Quickstart - generate single-cell embeddings with Atacformer
This quickstart guide will help you generate single-cell embeddings using Atacformer.
Installation
To install Atacformer, you need to have the geniml
package installed. You can do this using pip:
pip install geniml[ml]
Test the installation by importing Atacformer in Python:
python -c "from geniml import __version__; print(__version__)"
Loading a Pre-trained Model
You can easily load a pre-trained Atacformer model from the Hugging Face Hub. For example, you can load the base model described in our paper:
from geniml.atacformer import AtacformerForCellClustering
model = AtacformerForCellClustering.from_pretrained("databio/atacformer-base-hg38")
model = model.to("cuda") # move the model to GPU (...if available)
Tokenize your data
To generate embeddings, you need to tokenize your genomic interval data. Frequently, this data is stored in AnnData format.
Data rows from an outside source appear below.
Lemma laplacianE (x : 'I_n.+1 -> R) j :
  laplacian e x j = x j *+ rho e j - \sum_(k | e j k) x k.
Proof.
rewrite /laplacian sumrB; congr (_ - _).
by rewrite /rho -sumr_const; apply: eq_bigl => k; rewrite inE.
Qed.

Lemma sum_Hmx (x : 'I_n.+1 -> R) j : j != ord_max ->
  \sum_k H j k * x k = (\sum_(k | e j k) x k) / (rho e j)%:R.
Proof.
move=> jN; rewrite mulr_suml [RHS]big_mkcond; apply: eq_bigr => k _.
by rewrite mxE jN; case: (e j k); rewrite ?mul0r // mulrC.
Qed.

Hypotheses (e_sym : symmetric e) (e_conn : forall x y, connect e x y).
Hypothesis n_gt0 : (0 < n)%N.

Lemma rho_gt0 j : (0 < rho e j)%N.
Proof.
have [k kj] : exists k, k != j.
  have [->|jN] := eqVneq j ord_max; last by exists ord_max; rewrite eq_sym.
  by exists ord0; rewrite -val_eqE /= neq_ltn n_gt0.
case/connectP: (e_conn j k) => -[/= _ kj'|l p /= /andP[ejl _] _].
  by rewrite kj' eqxx in kj.
by apply/card_gt0P; exists l; rewrite inE.
Qed.

Lemma rho_neq0 j : (rho e j)%:R != 0 :> R.
Proof. by rewrite pnatr_eq0 -lt0n rho_gt0. Qed.

Lemma Mmx_mulE (v : 'cV[R]_n.+1) j : j != ord_max ->
  (M *m v) j 0 * (rho e j)%:R = laplacian e (fun k => v k 0) j.
Proof.
move=> jN; rewrite /Mmx mulmxBl mul1mx !mxE sum_Hmx // mulrBl divfK ?rho_neq0 //.
by rewrite mulr_natr laplacianE.
Qed.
You can use the geniml
package to tokenize your AnnData object.
import scanpy as sc
from gtars.tokenizers import Tokenizer
from geniml.tokenization import tokenize_anndata
tokenizer = Tokenizer.from_pretrained("databio/atacformer-base-hg38")
adata = sc.read_h5ad("path/to/your/anndata.h5ad")
tokens = tokenize_anndata(adata, tokenizer)
input_ids = [t["input_ids"] for t in tokens]
Alternatively, you can tokenize .fragments.tsv.gz
files directly:
from tqdm import tqdm
from gtars.tokenizers import tokenize_fragment_file
tokenized_data = tokenize_fragment_file("path/to/your/fragments.tsv.gz", tokenizer)
# qc
MIN_COUNT = 500
MAX_COUNT = 100_000
# filter down low and high count cells
tokens_filtered = [(barcode, ids) for barcode, ids in tqdm(tokens, desc="Filtering tokens", total=len(tokens)) if len(ids) >= MIN_COUNT and len(ids) <= MAX_COUNT]
tokens_filtered = [(barcode, list(set(ids))) for barcode, ids in tqdm(tokens_filtered, desc="Removing duplicates", total=len(tokens_filtered))]
input_ids = [ids for _, ids in tokens_filtered]
Generate Embeddings
Once you have your tokenized data, you can generate embeddings using the model:
cell_embeddings = model.encode_tokenized_cells(
input_ids=input_ids,
batch_size=32, # adjust based on your memory capacity
)
Downstream Tasks
You can use the generated embeddings for various downstream tasks such as clustering, classification, or visualization.